*RECORDED INFORMATION*

----

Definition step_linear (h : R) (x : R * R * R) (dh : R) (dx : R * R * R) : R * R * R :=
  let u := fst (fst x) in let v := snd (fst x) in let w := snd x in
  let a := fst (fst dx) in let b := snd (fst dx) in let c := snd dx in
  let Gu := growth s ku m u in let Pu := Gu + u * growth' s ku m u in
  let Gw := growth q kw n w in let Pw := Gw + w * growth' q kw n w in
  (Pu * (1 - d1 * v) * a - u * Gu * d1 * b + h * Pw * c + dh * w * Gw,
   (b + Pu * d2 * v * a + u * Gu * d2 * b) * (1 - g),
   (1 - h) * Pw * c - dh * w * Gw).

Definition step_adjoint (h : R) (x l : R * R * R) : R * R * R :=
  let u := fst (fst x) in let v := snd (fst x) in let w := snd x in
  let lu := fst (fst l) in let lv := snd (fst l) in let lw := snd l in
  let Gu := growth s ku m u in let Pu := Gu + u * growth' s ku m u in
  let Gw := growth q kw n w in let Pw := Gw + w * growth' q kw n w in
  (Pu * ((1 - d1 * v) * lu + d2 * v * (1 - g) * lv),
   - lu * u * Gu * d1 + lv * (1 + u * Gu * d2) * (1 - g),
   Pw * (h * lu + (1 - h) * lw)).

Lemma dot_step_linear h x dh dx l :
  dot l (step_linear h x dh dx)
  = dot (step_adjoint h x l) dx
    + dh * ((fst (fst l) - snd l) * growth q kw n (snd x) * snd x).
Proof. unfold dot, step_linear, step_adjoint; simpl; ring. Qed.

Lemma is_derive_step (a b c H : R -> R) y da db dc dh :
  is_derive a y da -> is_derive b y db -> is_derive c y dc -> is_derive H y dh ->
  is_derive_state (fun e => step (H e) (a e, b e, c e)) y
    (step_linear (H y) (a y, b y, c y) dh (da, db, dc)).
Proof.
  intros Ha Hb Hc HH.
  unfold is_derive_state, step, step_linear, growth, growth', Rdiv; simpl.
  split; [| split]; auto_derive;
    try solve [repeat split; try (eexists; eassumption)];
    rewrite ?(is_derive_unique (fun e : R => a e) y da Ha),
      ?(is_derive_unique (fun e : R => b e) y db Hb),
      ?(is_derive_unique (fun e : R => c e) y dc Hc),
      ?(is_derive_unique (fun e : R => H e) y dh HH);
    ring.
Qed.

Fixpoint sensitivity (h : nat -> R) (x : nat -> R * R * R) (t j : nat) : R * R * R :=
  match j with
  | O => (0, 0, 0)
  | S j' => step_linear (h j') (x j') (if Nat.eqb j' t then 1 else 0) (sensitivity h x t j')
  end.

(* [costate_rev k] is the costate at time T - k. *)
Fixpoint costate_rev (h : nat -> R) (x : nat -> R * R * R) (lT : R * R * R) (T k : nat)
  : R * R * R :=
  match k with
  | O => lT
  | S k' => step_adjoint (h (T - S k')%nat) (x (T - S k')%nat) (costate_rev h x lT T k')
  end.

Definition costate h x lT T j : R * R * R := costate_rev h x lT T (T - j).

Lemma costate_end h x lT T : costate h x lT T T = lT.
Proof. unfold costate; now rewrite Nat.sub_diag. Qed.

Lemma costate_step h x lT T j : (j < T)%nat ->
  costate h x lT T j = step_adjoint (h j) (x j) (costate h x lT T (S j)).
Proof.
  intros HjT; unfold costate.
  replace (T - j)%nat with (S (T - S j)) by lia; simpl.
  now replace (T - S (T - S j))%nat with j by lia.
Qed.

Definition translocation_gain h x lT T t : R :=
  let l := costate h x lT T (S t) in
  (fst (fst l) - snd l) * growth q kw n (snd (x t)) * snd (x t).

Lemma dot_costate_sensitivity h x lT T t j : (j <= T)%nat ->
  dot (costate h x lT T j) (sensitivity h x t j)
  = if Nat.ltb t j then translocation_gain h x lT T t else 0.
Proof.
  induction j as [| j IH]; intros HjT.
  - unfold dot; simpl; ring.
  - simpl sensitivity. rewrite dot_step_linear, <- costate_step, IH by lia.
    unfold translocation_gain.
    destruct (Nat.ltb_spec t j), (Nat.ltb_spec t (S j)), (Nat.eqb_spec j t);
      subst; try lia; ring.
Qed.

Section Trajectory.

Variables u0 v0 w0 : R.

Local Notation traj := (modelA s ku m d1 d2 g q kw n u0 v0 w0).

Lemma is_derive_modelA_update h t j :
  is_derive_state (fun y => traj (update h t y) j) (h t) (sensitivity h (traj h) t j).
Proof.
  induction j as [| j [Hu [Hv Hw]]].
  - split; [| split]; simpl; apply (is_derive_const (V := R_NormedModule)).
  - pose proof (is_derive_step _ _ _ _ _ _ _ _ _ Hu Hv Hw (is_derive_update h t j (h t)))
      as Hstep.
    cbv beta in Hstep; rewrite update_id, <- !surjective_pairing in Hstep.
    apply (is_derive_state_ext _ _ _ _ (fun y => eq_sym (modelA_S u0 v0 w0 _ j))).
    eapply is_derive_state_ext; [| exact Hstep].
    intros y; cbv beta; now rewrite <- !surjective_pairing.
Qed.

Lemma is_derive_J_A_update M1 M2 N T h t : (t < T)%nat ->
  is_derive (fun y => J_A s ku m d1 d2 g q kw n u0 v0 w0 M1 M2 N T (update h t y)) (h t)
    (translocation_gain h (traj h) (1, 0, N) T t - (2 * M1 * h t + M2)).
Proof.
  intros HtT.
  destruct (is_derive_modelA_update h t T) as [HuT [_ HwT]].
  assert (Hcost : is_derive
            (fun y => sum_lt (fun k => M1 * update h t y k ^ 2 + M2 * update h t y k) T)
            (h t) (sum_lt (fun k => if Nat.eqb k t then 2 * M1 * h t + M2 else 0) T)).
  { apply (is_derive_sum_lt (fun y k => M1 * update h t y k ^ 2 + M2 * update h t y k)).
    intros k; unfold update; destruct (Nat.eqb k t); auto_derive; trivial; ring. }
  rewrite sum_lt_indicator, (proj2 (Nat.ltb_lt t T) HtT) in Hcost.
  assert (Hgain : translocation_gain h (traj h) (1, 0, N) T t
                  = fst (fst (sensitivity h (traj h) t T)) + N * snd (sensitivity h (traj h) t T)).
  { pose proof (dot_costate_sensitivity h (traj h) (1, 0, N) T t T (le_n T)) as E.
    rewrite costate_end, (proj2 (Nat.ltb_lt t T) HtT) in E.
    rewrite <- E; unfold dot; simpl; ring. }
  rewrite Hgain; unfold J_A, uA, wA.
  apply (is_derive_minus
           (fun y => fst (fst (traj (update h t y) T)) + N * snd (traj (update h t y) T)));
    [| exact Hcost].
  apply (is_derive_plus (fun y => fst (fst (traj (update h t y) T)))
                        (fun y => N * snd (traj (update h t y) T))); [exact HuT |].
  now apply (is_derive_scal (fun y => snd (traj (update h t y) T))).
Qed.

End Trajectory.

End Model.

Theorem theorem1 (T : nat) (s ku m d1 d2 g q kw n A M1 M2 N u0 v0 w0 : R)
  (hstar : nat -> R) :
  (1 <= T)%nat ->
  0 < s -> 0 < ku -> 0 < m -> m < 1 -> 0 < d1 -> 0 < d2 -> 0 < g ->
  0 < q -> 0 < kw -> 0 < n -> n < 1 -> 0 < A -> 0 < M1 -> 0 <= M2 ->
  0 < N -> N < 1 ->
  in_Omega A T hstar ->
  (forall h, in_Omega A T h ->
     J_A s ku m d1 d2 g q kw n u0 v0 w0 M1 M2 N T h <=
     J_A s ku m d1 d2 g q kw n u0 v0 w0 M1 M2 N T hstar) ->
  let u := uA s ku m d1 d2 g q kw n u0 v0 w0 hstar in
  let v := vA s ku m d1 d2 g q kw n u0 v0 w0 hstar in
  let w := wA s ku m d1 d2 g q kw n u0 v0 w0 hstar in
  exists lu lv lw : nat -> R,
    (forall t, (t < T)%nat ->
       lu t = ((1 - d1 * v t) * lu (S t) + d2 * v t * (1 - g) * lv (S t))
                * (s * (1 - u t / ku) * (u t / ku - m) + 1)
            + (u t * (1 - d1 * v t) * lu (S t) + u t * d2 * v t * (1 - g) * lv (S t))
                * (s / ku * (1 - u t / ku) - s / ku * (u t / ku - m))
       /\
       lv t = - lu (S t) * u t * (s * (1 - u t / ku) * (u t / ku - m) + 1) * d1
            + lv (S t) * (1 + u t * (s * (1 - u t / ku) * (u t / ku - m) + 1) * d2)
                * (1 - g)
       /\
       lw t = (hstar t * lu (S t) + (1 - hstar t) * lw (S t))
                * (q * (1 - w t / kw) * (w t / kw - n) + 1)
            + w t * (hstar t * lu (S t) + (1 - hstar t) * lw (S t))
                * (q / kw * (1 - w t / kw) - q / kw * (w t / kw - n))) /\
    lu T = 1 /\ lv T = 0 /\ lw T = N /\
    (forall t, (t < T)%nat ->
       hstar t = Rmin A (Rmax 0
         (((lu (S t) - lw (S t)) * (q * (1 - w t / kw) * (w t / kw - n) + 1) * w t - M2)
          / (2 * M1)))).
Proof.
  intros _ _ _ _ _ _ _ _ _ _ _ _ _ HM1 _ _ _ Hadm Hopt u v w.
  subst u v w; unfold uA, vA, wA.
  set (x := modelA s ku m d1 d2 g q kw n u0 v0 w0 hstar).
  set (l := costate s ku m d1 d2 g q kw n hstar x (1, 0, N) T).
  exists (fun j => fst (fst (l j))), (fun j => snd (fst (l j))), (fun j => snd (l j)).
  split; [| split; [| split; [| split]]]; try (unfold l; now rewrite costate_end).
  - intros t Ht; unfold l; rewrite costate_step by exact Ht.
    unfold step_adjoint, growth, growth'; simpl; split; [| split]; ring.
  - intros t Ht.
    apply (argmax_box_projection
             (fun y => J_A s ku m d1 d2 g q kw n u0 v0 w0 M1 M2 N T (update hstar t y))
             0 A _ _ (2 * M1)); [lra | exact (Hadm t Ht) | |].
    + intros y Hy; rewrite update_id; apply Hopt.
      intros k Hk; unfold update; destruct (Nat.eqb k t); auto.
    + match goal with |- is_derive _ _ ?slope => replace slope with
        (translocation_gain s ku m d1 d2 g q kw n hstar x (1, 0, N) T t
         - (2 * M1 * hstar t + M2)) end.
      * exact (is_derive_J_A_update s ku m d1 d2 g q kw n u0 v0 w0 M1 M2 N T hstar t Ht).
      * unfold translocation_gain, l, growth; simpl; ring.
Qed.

----

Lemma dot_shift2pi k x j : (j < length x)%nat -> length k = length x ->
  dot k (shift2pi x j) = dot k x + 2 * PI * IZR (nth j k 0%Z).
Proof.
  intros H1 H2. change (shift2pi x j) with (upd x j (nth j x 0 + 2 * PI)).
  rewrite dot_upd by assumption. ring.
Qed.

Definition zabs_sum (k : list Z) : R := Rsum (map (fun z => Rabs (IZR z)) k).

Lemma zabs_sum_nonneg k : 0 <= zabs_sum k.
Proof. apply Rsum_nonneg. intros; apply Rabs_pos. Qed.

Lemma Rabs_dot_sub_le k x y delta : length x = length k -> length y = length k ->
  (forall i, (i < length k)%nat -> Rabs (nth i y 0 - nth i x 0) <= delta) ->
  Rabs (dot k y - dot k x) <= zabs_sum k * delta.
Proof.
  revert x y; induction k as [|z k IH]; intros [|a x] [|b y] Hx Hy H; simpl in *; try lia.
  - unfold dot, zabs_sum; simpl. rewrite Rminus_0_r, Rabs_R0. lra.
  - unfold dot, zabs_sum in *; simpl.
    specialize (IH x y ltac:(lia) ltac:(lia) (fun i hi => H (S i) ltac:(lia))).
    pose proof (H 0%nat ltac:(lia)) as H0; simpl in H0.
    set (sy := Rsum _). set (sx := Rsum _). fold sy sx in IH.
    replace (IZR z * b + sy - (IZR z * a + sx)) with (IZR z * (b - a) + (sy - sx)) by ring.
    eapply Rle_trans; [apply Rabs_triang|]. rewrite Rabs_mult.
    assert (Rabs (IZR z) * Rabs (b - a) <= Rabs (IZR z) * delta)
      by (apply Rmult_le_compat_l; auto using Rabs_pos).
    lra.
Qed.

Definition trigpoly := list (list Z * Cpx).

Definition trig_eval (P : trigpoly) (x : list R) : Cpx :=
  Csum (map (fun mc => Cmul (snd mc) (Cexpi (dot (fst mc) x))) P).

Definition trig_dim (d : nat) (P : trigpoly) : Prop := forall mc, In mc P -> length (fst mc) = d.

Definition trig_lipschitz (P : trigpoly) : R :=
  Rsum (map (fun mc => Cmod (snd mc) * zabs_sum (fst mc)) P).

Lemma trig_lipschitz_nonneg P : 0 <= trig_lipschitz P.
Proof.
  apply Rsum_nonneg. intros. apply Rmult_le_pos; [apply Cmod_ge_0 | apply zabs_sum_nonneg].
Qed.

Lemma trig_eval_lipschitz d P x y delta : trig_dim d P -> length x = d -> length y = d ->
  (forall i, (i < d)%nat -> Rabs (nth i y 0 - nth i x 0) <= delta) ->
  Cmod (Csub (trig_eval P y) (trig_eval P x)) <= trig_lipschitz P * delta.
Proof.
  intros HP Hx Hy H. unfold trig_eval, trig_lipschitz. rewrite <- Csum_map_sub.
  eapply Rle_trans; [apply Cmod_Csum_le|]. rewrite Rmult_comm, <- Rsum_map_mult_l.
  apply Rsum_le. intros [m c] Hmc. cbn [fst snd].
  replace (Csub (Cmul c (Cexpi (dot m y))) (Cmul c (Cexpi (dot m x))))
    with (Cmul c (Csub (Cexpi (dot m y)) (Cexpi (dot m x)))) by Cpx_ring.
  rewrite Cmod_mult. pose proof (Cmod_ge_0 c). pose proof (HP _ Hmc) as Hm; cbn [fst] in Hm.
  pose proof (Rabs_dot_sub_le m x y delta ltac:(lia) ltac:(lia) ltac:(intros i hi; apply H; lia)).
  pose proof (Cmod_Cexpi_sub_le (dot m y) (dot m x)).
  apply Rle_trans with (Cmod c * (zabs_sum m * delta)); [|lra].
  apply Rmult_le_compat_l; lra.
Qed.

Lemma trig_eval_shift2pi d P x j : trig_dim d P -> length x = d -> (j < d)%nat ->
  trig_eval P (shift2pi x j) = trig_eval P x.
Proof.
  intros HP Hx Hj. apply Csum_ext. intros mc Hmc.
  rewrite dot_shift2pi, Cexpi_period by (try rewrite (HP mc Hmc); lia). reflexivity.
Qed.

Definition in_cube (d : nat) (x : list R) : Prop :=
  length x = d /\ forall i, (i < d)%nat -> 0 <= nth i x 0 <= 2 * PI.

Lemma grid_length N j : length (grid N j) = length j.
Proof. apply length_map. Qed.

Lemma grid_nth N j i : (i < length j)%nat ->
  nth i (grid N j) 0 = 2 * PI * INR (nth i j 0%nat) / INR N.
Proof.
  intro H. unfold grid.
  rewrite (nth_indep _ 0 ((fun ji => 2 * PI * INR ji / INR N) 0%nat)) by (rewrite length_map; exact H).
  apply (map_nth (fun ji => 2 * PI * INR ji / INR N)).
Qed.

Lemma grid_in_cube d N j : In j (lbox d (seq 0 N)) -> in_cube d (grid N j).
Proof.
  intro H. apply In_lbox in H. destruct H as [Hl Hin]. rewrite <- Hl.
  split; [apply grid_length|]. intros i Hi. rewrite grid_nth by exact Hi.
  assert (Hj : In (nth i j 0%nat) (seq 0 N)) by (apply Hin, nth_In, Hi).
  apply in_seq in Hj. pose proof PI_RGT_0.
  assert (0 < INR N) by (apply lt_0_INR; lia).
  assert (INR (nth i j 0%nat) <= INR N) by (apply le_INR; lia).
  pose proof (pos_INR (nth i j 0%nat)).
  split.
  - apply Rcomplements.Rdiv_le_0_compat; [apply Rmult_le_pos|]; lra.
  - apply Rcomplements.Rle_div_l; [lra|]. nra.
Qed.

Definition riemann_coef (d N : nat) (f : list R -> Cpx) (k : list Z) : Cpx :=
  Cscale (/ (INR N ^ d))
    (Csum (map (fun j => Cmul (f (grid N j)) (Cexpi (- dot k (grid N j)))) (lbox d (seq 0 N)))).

----

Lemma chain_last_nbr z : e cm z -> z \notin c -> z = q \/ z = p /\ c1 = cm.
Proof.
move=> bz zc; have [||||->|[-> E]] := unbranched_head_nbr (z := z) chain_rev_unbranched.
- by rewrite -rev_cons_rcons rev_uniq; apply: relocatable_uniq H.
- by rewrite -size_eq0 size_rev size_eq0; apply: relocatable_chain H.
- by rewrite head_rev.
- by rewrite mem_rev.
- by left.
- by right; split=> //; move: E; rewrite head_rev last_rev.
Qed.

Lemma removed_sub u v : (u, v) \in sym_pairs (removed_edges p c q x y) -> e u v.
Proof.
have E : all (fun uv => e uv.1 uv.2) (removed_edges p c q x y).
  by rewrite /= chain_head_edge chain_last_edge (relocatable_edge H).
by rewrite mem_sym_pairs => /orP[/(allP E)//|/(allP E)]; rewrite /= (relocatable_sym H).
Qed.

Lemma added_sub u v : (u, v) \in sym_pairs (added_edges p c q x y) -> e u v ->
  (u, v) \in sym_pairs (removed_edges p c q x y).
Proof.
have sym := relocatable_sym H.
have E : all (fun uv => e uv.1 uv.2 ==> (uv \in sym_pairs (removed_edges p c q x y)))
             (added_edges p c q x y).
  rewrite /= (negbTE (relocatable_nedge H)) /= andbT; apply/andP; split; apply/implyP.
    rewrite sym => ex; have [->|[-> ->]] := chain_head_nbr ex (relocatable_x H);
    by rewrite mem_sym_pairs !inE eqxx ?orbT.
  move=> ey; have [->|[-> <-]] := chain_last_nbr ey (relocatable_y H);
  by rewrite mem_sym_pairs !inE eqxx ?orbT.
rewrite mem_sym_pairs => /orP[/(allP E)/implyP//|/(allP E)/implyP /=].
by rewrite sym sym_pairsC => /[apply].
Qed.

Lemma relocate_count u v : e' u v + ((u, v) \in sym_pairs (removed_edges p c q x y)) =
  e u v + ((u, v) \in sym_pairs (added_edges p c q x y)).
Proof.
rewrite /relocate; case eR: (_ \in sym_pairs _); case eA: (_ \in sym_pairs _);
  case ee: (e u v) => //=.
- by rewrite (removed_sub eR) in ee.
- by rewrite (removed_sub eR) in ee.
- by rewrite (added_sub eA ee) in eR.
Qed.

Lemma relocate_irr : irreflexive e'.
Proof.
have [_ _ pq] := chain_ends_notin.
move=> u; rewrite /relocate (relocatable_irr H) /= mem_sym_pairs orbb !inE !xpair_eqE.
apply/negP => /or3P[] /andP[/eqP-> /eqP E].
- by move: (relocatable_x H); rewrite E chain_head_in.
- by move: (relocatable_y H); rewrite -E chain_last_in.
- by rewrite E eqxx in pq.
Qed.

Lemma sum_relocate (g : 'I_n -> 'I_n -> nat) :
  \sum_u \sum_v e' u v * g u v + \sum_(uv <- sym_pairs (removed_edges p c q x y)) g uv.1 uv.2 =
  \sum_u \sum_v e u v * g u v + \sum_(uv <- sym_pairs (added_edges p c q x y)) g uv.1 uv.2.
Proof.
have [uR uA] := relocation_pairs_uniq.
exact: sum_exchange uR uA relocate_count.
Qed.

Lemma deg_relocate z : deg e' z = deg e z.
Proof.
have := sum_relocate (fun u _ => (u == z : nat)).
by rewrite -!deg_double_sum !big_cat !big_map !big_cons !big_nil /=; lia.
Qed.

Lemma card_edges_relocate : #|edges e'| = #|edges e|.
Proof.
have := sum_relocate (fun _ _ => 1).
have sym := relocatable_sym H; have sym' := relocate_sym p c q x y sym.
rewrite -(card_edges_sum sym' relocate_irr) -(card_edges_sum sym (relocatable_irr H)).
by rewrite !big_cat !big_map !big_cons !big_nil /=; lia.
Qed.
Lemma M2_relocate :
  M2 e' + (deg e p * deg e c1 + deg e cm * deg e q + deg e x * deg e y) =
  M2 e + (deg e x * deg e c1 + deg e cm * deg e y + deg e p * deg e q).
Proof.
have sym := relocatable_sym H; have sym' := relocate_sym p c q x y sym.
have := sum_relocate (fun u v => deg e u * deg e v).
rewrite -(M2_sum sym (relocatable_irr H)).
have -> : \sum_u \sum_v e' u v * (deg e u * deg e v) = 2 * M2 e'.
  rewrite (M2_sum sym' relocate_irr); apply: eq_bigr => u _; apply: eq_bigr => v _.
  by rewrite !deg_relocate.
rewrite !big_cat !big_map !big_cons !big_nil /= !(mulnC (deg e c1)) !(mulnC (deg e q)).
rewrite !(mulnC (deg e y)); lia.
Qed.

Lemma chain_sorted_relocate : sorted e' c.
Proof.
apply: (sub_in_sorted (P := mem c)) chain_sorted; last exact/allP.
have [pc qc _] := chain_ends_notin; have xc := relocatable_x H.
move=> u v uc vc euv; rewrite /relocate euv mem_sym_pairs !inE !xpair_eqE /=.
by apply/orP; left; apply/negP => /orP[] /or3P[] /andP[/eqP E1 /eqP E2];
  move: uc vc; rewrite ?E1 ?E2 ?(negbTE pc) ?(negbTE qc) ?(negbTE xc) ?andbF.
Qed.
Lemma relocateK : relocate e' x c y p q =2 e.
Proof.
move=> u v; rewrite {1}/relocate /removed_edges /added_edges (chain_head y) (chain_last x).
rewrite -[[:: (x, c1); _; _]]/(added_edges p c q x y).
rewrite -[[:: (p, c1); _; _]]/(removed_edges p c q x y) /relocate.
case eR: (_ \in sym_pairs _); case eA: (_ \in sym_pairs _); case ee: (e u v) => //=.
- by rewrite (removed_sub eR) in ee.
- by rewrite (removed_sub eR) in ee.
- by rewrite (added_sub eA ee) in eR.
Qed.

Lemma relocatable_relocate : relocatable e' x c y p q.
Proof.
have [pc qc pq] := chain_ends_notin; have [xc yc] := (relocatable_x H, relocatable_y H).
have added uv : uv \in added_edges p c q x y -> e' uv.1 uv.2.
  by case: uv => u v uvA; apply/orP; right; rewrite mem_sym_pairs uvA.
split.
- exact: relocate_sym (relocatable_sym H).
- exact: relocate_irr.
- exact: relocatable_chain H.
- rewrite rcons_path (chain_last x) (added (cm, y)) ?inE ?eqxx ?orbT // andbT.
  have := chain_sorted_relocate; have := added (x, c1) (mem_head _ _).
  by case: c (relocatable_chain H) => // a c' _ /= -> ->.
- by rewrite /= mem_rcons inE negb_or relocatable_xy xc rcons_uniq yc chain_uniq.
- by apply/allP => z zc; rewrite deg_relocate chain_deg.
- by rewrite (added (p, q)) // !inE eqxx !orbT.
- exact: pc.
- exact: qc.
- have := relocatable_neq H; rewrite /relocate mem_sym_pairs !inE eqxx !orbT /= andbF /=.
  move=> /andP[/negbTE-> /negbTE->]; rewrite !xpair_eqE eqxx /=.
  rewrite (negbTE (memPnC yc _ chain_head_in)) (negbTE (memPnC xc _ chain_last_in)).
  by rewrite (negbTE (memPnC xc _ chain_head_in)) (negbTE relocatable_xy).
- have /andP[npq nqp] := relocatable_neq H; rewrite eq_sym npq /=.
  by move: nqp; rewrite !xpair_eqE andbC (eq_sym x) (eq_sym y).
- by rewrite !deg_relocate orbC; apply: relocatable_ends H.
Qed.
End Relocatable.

----

*EXERCISE GOAL*
Search the listing for the word "trigpoly". Copy every line in which it occurs.

*SOLUTION TO THE PROBLEM*
Definition trigpoly := list (list Z * Cpx).
Definition trig_eval (P : trigpoly) (x : list R) : Cpx :=
Definition trig_dim (d : nat) (P : trigpoly) : Prop := forall mc, In mc P -> length (fst mc) = d.
Definition trig_lipschitz (P : trigpoly) : R :=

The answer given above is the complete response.